With both ends included, repeat exactly the lines of the entries below from the one containing "Proof. by rewrite mul_nu expr2. Qed." down to the one containing "Lemma ghostD u", and no others.

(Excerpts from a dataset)

»»

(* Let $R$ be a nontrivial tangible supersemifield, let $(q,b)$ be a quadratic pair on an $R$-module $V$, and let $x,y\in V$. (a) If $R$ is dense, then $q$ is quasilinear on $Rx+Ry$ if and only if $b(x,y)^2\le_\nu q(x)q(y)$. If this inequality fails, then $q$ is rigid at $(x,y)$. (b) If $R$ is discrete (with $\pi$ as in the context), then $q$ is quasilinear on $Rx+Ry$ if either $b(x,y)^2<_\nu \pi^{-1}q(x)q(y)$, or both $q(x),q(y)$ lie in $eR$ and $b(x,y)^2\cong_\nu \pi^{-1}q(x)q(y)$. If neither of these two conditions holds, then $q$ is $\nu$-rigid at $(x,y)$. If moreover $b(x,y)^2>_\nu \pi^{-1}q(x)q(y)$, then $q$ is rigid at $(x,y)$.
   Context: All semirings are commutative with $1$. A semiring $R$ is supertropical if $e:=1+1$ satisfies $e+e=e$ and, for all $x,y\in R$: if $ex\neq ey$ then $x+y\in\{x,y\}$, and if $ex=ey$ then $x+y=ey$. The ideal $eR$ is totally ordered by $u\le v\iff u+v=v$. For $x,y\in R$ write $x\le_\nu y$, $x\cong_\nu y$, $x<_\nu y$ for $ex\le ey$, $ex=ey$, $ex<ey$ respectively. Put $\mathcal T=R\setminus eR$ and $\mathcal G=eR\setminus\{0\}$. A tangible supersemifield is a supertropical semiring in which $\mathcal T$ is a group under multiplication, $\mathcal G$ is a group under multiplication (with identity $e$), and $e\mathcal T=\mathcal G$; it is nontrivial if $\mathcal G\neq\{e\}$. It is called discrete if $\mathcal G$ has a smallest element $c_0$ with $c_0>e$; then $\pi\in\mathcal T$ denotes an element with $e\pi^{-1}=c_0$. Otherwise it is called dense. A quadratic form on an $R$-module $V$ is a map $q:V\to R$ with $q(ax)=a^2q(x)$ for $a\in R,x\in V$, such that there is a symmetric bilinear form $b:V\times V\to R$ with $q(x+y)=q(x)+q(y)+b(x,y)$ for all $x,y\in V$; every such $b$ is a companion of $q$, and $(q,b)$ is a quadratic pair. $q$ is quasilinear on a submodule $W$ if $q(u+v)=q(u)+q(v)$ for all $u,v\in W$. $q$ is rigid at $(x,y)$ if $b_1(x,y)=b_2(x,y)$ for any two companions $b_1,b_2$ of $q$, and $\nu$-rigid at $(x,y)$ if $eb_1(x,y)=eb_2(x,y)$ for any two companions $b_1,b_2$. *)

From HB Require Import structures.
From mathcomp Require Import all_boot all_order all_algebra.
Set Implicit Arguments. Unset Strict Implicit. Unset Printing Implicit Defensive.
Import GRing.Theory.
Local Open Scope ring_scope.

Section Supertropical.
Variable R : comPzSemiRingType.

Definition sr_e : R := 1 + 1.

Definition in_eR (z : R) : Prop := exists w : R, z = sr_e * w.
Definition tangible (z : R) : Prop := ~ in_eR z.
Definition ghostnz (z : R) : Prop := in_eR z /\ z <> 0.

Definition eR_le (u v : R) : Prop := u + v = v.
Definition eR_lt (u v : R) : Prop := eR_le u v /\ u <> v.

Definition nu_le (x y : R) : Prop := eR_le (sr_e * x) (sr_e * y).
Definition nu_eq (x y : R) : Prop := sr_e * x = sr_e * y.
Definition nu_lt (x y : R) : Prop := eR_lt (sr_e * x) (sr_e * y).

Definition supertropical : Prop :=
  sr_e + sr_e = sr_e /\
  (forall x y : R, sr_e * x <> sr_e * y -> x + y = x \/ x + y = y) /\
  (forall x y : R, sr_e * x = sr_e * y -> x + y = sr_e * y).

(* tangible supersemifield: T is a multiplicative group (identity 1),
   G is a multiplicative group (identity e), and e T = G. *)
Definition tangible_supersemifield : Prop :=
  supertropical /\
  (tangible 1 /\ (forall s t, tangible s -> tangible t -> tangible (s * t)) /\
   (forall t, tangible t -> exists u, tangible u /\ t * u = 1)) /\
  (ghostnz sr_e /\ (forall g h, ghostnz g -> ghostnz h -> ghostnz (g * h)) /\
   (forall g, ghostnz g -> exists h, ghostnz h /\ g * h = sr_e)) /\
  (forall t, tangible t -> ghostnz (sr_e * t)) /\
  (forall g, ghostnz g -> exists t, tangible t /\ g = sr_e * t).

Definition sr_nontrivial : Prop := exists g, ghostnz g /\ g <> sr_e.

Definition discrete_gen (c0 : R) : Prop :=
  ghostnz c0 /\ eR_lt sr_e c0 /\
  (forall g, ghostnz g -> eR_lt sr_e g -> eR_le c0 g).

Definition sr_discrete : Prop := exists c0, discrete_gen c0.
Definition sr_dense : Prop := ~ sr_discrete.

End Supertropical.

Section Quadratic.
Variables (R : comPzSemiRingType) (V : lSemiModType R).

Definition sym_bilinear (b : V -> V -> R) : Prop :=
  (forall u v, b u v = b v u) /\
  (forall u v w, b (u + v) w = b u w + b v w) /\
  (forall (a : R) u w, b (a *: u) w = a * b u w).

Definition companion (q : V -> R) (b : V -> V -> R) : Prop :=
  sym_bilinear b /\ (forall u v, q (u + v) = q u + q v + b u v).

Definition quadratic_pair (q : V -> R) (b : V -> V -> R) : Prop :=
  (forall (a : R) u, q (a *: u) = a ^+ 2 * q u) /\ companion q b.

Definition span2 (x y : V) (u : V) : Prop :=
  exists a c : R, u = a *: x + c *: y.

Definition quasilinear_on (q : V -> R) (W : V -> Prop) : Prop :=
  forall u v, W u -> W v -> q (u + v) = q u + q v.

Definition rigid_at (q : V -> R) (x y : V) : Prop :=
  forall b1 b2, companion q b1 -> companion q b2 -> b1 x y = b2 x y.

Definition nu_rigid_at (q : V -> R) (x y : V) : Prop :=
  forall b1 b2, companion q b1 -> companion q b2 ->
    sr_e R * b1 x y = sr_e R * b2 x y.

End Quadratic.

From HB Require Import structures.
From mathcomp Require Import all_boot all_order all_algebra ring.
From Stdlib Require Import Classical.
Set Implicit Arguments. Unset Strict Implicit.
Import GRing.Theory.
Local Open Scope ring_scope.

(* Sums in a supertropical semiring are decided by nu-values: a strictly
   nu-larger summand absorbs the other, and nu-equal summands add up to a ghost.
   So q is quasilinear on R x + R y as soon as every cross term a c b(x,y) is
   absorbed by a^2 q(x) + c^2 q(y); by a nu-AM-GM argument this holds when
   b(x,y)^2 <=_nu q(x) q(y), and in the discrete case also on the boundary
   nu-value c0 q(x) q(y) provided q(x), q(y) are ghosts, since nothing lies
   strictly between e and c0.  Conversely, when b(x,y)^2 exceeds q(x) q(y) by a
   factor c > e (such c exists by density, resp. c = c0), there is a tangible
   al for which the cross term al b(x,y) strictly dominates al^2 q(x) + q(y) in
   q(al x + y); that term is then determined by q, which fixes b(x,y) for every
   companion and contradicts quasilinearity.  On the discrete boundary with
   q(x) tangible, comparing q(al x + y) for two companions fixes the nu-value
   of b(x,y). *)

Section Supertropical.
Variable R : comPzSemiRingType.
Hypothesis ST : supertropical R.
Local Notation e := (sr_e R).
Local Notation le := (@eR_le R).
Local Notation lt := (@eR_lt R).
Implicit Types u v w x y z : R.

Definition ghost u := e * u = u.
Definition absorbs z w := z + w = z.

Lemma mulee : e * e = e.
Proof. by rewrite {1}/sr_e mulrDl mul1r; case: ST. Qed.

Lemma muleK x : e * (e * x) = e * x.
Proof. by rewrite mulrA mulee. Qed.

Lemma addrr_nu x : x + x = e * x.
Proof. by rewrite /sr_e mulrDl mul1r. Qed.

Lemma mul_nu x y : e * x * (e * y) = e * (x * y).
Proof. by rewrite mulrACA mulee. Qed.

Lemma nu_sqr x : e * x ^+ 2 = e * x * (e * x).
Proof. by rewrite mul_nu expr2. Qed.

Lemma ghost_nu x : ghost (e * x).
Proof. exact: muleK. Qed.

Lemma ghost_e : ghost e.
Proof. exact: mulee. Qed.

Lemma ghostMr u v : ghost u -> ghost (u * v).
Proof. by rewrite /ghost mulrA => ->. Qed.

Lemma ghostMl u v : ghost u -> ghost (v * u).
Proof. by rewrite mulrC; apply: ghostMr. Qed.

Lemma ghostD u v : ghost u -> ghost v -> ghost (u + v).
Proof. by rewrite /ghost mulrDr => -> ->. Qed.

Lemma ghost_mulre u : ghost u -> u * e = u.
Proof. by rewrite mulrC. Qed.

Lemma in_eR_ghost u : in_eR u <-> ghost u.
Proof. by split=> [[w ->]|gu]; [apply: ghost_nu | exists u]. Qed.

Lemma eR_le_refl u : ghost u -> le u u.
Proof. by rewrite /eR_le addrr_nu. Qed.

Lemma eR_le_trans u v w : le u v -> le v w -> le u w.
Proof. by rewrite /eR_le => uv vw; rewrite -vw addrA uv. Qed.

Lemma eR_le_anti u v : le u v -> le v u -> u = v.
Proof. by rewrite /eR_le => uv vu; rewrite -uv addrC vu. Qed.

««

Written response
Proof. by rewrite mul_nu expr2. Qed.

Lemma ghost_nu x : ghost (e * x).
Proof. exact: muleK. Qed.

Lemma ghost_e : ghost e.
Proof. exact: mulee. Qed.

Lemma ghostMr u v : ghost u -> ghost (u * v).
Proof. by rewrite /ghost mulrA => ->. Qed.

Lemma ghostMl u v : ghost u -> ghost (v * u).
Proof. by rewrite mulrC; apply: ghostMr. Qed.

Lemma ghostD u v : ghost u -> ghost v -> ghost (u + v).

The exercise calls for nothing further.